THE MAN WITHIN MY HEAD
By Pico Iyer Knopf. 242 pp. $25.95
Artists are haunted by their influences. Picasso competed with Matisse, Jimi Hendrix tried to best Little Richard, and, after 50-plus books, Stephen King is still trying to outdo H.P. Lovecraft. For novelist and journalist Pico Iyer, one forebear looms so large that he’s written a book about him: “The Man Within My Head.”
“Graham Greene could never be a fantasy figure for me,” Iyer writes of the British author whose novels include “The Ministry of Fear,” “The Heart of the Matter” and “The Quiet American.” “If anything, as the product of the England where I grew up, he was part of all that I was trying to put behind me. . . . But there he is, in spite of everything.”

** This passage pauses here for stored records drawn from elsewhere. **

Lemma face_card_gt2 d : d \in darts h -> 2 < #|face R d|.
Proof.
case: rotR => rot_nb _ _; case: d => u v; rewrite inE /= => huv.
have hvu : h v u by rewrite h_sym.
set w := R v u; set z := R w v.
have hvw : h v w by apply: rot_nb.
have neq_uv : u != v by apply: contraTneq huv => ->.
have neq_vw : v != w by apply: contraTneq hvw => ->.
have neq_uvwz : (u, v) != (w, z).
  apply/eqP => -[Ewu Ezv]; apply: (@no_isolated_edge u v); split.
  - by apply: (rot_fixed_neighbour huv); rewrite {1}Ewu -/z -Ezv.
  - by apply: (rot_fixed_neighbour hvu); rewrite {2}Ewu.
have sub3 : (u, v) |: [set (v, w); (w, z)] \subset face R (u, v).
  rewrite !subUset !sub1set face_refl !inE.
  by rewrite (fconnect_iter _ 1 (u, v)) (fconnect_iter _ 2 (u, v)).
apply: leq_trans (subset_leq_card sub3).
rewrite cardsU1 cards2 !inE negb_or neq_uvwz xpair_eqE negb_and neq_uv.
by rewrite xpair_eqE negb_and neq_vw.
Qed.

Hypothesis planarR : planar_rotation h R.

Lemma two_covering_faces F1 F2 : F1 \in faces -> F2 \in faces -> F1 != F2 ->
  #|V| <= #|F1| -> #|V| <= #|F2| ->
  [/\ darts h \subset F1 :|: F2, #|F1| = #|V| & #|F2| = #|V|].
Proof.
move=> F1f F2f neqF V_F1 V_F2.
set others := [set X in faces | (X != F1) && (X != F2)].
have F2f' : (F2 \in faces) && (F2 != F1) by rewrite F2f eq_sym neqF.
have sum_faces : #|darts h| = #|F1| + (#|F2| + \sum_(X in others) #|X|).
  rewrite (card_partition faces_partition) (bigD1 F1 F1f) (bigD1 F2 F2f') /=.
  by congr (_ + (_ + _)); apply: eq_bigl => X; rewrite inE andbA.
have others_big : 3 * #|others| <= \sum_(X in others) #|X|.
  rewrite mulnC -sum_nat_const; apply: leq_sum => X.
  by rewrite inE => /andP[/imsetP[d Dd ->] _]; apply: face_card_gt2.
have card_faces : #|faces| = #|others| + 2.
  rewrite (cardD1 F1) (cardD1 F2 [predD1 faces & F1]) F1f !inE F2f eq_sym neqF.
  suff -> : #|[predD1 [predD1 faces & F1] & F2]| = #|others| by lia.
  by apply: eq_card => X; rewrite !inE; case: (X \in faces) (X != F1) (X != F2) => [] [] [].
have euler : #|V| + (#|others| + 2) = #|darts h| %/ 2 + 2.
  by rewrite -card_faces; exact: planarR.
have half : #|darts h| = #|darts h| %/ 2 * 2.
  by rewrite {1}(divn_eq #|darts h| 2) modn2 (negbTE even_card_darts) addn0.
(* With k := #|others|, Euler gives |darts| = 2|V| + 2k while the face sizes
   give |darts| >= 2|V| + 3k. *)
have [no_others cF1 cF2] : [/\ #|others| = 0, #|F1| = #|V| & #|F2| = #|V|] by split; lia.
split=> //; apply/subsetP => d Dd.
have : face R d \notin others by rewrite (card0_eq no_others).
rewrite inE imset_f //= negb_and !negbK => /orP[]/eqP <-;
  by rewrite in_setU face_refl ?orbT.
Qed.

End Connected.
End Faces.

Section TailInjective.
Variable V : finType.

Lemma covering_fst_imset (F : {set V * V}) :
  (forall x, exists y, (x, y) \in F) -> fst @: F = [set: V].
Proof.
move=> covF; apply/setP => x; rewrite inE.
by have [y Fxy] := covF x; apply/imsetP; exists (x, y).
Qed.

Lemma covering_card_ge (F : {set V * V}) :
  (forall x, exists y, (x, y) \in F) -> #|V| <= #|F|.
Proof. by move/covering_fst_imset; rewrite -cardsT => <-; apply: leq_imset_card. Qed.

Lemma covering_fst_inj (F : {set V * V}) :
  (forall x, exists y, (x, y) \in F) -> #|F| = #|V| -> {in F &, injective fst}.
Proof. by move=> /covering_fst_imset fstF cardF; apply/imset_injP; rewrite fstF cardsT cardF. Qed.

Lemma card_tail_le1 (F : {set V * V}) x :
  {in F &, injective fst} -> #|[set d in F | d.1 == x]| <= 1.
Proof.
move=> injF; apply/card_le1_eqP => d e.
rewrite !inE => /andP[Fd /eqP dx] /andP[Fe /eqP ex].
by apply: injF; rewrite ?dx ?ex.
Qed.

Lemma neighbours_le2 (h : rel V) (F1 F2 : {set V * V}) x :
  darts h \subset F1 :|: F2 -> {in F1 &, injective fst} -> {in F2 &, injective fst} ->
  degree h x <= 2.
Proof.
move=> dartsF inj1 inj2; rewrite /degree.
have pair_inj : injective (@pair V V x) by move=> v w [].
rewrite -(card_imset _ pair_inj).
apply: leq_trans (leq_add (card_tail_le1 x inj1) (card_tail_le1 x inj2)).
apply: leq_trans (leq_card_setU _ _); apply/subset_leq_card/subsetP => d /imsetP[v].
rewrite inE => hxv ->.
have /setUP[F1xv|F2xv] : (x, v) \in F1 :|: F2 by apply: (subsetP dartsF); rewrite inE.
  by rewrite !inE F1xv eqxx.
by rewrite !inE F2xv eqxx orbT.
Qed.

End TailInjective.

Section AddEdge.
Variables (V : finType) (g : rel V) (p q : V).

Lemma add_edgeC : add_edge g p q =2 add_edge g q p.
Proof. by move=> u v; rewrite /add_edge; congr (_ || _); apply: orbC. Qed.

Lemma add_edge_simple : simple_graph g -> p != q -> simple_graph (add_edge g p q).
Proof.
move=> [g_sym g_irr] neq_pq; split=> [u v|u].
  by rewrite /add_edge g_sym; congr (_ || _); rewrite orbC !(andbC (v == _)).
rewrite /add_edge (negbTE (g_irr u)) /=.
by apply/negP => /orP[]/andP[/eqP-> /eqP Eu]; rewrite Eu eqxx in neq_pq.
Qed.

Lemma add_edge_connected : connected_graph g -> connected_graph (add_edge g p q).
Proof.
move=> g_conn x y; apply: connect_sub (g_conn x y) => u v guv.
by apply: connect1; rewrite /add_edge guv.
Qed.
(* For every positive integer $n$ and every $w\in\mathfrak{H}$, $S_\hbar^t\bigl(\rho_{n,t}^{(\hbar)}(w)\bigr)=\rho_{n,0}^{(\hbar)}(w)$.
   Context: Let $\hbar,t$ be formal variables and $\mathfrak{H}=\mathbb{Q}[\hbar,t]\langle x,y\rangle$; $\mathfrak{H}^1=\mathbb{Q}[\hbar,t]+\mathfrak{H}y$, $z_j=x^{j-1}y$. Let $z_i\circ_+ z_j=z_{i+j}+\hbar z_{i+j-1}$ on the $\mathbb{Q}[\hbar,t]$-span of the $z_j$, extended to an action on $\mathfrak{H}^1$ by $z_i\circ_+1=0$, $z_i\circ_+(z_jw)=(z_i\circ_+z_j)w$. Let $S_\hbar^t:\mathfrak{H}^1\to\mathfrak{H}^1$ be the $\mathbb{Q}[\hbar,t]$-linear map with $S_\hbar^t(1)=1$, $S_\hbar^t(z_kw)=z_kS_\hbar^t(w)+t\,z_k\circ_+S_\hbar^t(w)$ for words $w\in\mathfrak{H}^1$. Let $\gamma_\hbar^t$ be the algebra automorphism of $\mathfrak{H}$ with $\gamma_\hbar^t(x)=x$, $\gamma_\hbar^t(y)=tx+y+\hbar t$. For $n\ge1$, make $\mathfrak{H}^{\otimes(n+1)}$ (tensor over $\mathbb{Q}[\hbar,t]$) an $\mathfrak{H}$-bimodule by $a\diamond(w_1\otimes\cdots\otimes w_{n+1})=w_1\otimes\cdots\otimes w_n\otimes aw_{n+1}$ and $(w_1\otimes\cdots\otimes w_{n+1})\diamond b=w_1b\otimes w_2\otimes\cdots\otimes w_{n+1}$. Let $\mathcal C_{n,t}^{(\hbar)}:\mathfrak{H}\to\mathfrak{H}^{\otimes(n+1)}$ be the $\mathbb{Q}[\hbar,t]$-linear map with $\mathcal C_{n,t}^{(\hbar)}(x)=-\mathcal C_{n,t}^{(\hbar)}(y)=x\otimes((1-t)x+y-\hbar t)^{\otimes(n-1)}\otimes y$ and $\mathcal C_{n,t}^{(\hbar)}(vw)=\mathcal C_{n,t}^{(\hbar)}(v)\diamond(\gamma_\hbar^t)^{-1}(w)+(\gamma_\hbar^t)^{-1}(v)\diamond\mathcal C_{n,t}^{(\hbar)}(w)$ (so $\mathcal C_{n,t}^{(\hbar)}(1)=0$). Let $M_n:\mathfrak{H}^{\otimes(n+1)}\to\mathfrak{H}$ be multiplication $w_1\otimes\cdots\otimes w_{n+1}\mapsto w_1\cdots w_{n+1}$, and $\rho_{n,t}^{(\hbar)}=M_n\circ\mathcal C_{n,t}^{(\hbar)}$; $\rho_{n,0}^{(\hbar)}$ denotes the same map with $t=0$. The map $\rho_{n,t}^{(\hbar)}$ takes values in $\mathfrak{H}y\subset\mathfrak{H}^1$, so $S_\hbar^t$ can be applied. *)

From HB Require Import structures.
From mathcomp Require Import all_boot all_order all_algebra.
From mathcomp Require Import finmap.
From mathcomp.multinomials Require Import monalg.
Set Implicit Arguments. Unset Strict Implicit. Unset Printing Implicit Defensive.
Import GRing.Theory.
Local Open Scope ring_scope.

Don’t believe Iyer: It makes perfect sense that he would be a Greene superfan. Both felt out of place at boarding school; Iyer, a travel writer, calls Greene, who wrote many books about colonials, “the patron saint of the foreigner alone.” But the intensely serious and, occasionally, seriously ridiculous connections that Iyer traces between himself and Greene go beyond literary influence. Each saw his home burn down, feared dentists (for Greene a dentist was “really a priest in a different kind of white robe, administering suffering as a way . . . of keeping greater suffering at bay”) and lived in the shadow of his father. Greene’s was the headmaster at his boarding school, while Iyer’s was the Gandhi scholar Raghavan N. Iyer. Why wouldn’t a British-born, Oxford-educated Indian author transplanted to California relate to another self-conscious, terminally uncomfortable novelist?
“An adopted father can never die,” says Iyer, who once wrote an introduction to a Greene short-story collection and even corresponded with the author. “That’s one of the great advantages he has over a real one.” This jumbled, impressionistic tribute doesn’t succeed as memoir or biography, but offers a window on a classic author’s formidable legacy.